U.S. military reservation in Waimanalo, Hawaii

Bellows Air Force Station (Bellows Field) is a United States military reservation located in Waimanalo, Hawaii. Once an important air field during World War II, the reservation now serves as a military training area and recreation area for active and retired military and civilian employees of the Department of Defense. Bellows AFS is operated by Detachment 2, 18th Mission Support Group based at Kadena Air Base, Okinawa, Japan. Located on the opposite side of Oahu is the similar Pililaau Army Recreation Center, part of the Armed Forces Recreation Centers system.

== History ==
Created in 1917 as the Waimänalo Military Reservation on a former sugarcane plantation, the base was renamed Bellows Field in 1933 after Lt. Franklin Barney Bellows, a World War I pilot who was awarded the Distinguished Service Cross. Bellows Field was made a permanent military post in July 1941, and it was one of the airfields targeted during the attack on Pearl Harbor on December 7, 1941. The attack at Bellows Field killed two United States Army Air Forces airmen—George Allison Whiteman and Hans C. Christiansen—and injured six others. One B-17 bomber ("Skipper" 40–2049) was forced to land at Bellows during the attack when Japanese aircraft activity made landing at Hickam Field impossible.

=== Post-war ===
Bellows Field was used for recreational gliders in the late 1950s and early 1960s. A truck would tow a glider into the air, then the glider pilot would release the tow cable and then catch updrafts from the prevailing wind blowing inshore and deflecting upwards from the very nearby mountains. In this way the pilot could keep the glider in the air as long as desired.
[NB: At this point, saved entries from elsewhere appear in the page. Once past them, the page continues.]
(* Let $G$ be a connected $(c,d)$-biregular simple graph with $n$ vertices and $m$ edges, and let $\lambda_1\ge\lambda_2\ge\cdots\ge\lambda_n$ be its adjacency eigenvalues (so $\lambda_1=\sqrt{cd}$). Then the Kemeny's constant of the simple random walk on the edge space of $G$ is \[ \mathscr{K}_e(G)=2m-n+\sum_{i=2}^{n}\frac{\sqrt{cd}}{\sqrt{cd}-\lambda_i}. \]
   Context: A $(c,d)$-biregular graph is a bipartite graph in which every vertex in one part of the bipartition has degree $c$ and every vertex in the other part has degree $d$. Kemeny's constant of an irreducible finite Markov chain with transition matrix $P$ whose eigenvalues (with multiplicity) are $1=\rho_1,\rho_2,\dots,\rho_N$ (with $1$ simple) is $\mathscr{K}(P)=\sum_{i=2}^{N}\frac{1}{1-\rho_i}$. $\mathscr{K}_e(G)$ is Kemeny's constant of the simple random walk on the arcs of $G$ (the ordered pairs $(u,v)$ with $\{u,v\}$ an edge), where from $(u,v)$ one moves to $(v,w)$ with probability $1/\deg(v)$ for each neighbor $w$ of $v$. *)

From HB Require Import structures.
From mathcomp Require Import all_boot all_order all_algebra all_field.
Set Implicit Arguments. Unset Strict Implicit. Unset Printing Implicit Defensive.
Import Order.TTheory GRing.Theory Num.Theory.
Local Open Scope ring_scope.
Bellows AFS was also the Air Force transmitter-facility site for long-haul high-frequency radio communications from the late 1950s until HF radio was largely replaced by the military satellite program. HF radio links were established using highly directional Sloping "V" antennas to Clark Air Base, Philippines, and McClellan AFB, California. Message circuits were originated or relayed at Hickam AFB, near Pearl Harbor, and sent to Bellows for re-transmission over the HF systems. The receiver site was geographically separated from the transmitter site to prevent RF interference from the high-power transmitters.

==Bellows Air Force Station==
In 1958, the last runways were decommissioned and the flying field status was terminated. Subsequently, Bellows was renamed to Bellows Air Force Station with a primary mission as an Armed Forces Recreation Center. As a Recreation Center, Bellows AFS provides beachfront cabins, camping, and limited condominium style apartments for active duty, reserve, and retired military personnel to stay in. Additionally, there is a small AAFES Express shopette, a paintball course, and Turtle Cove outdoor adventure program office.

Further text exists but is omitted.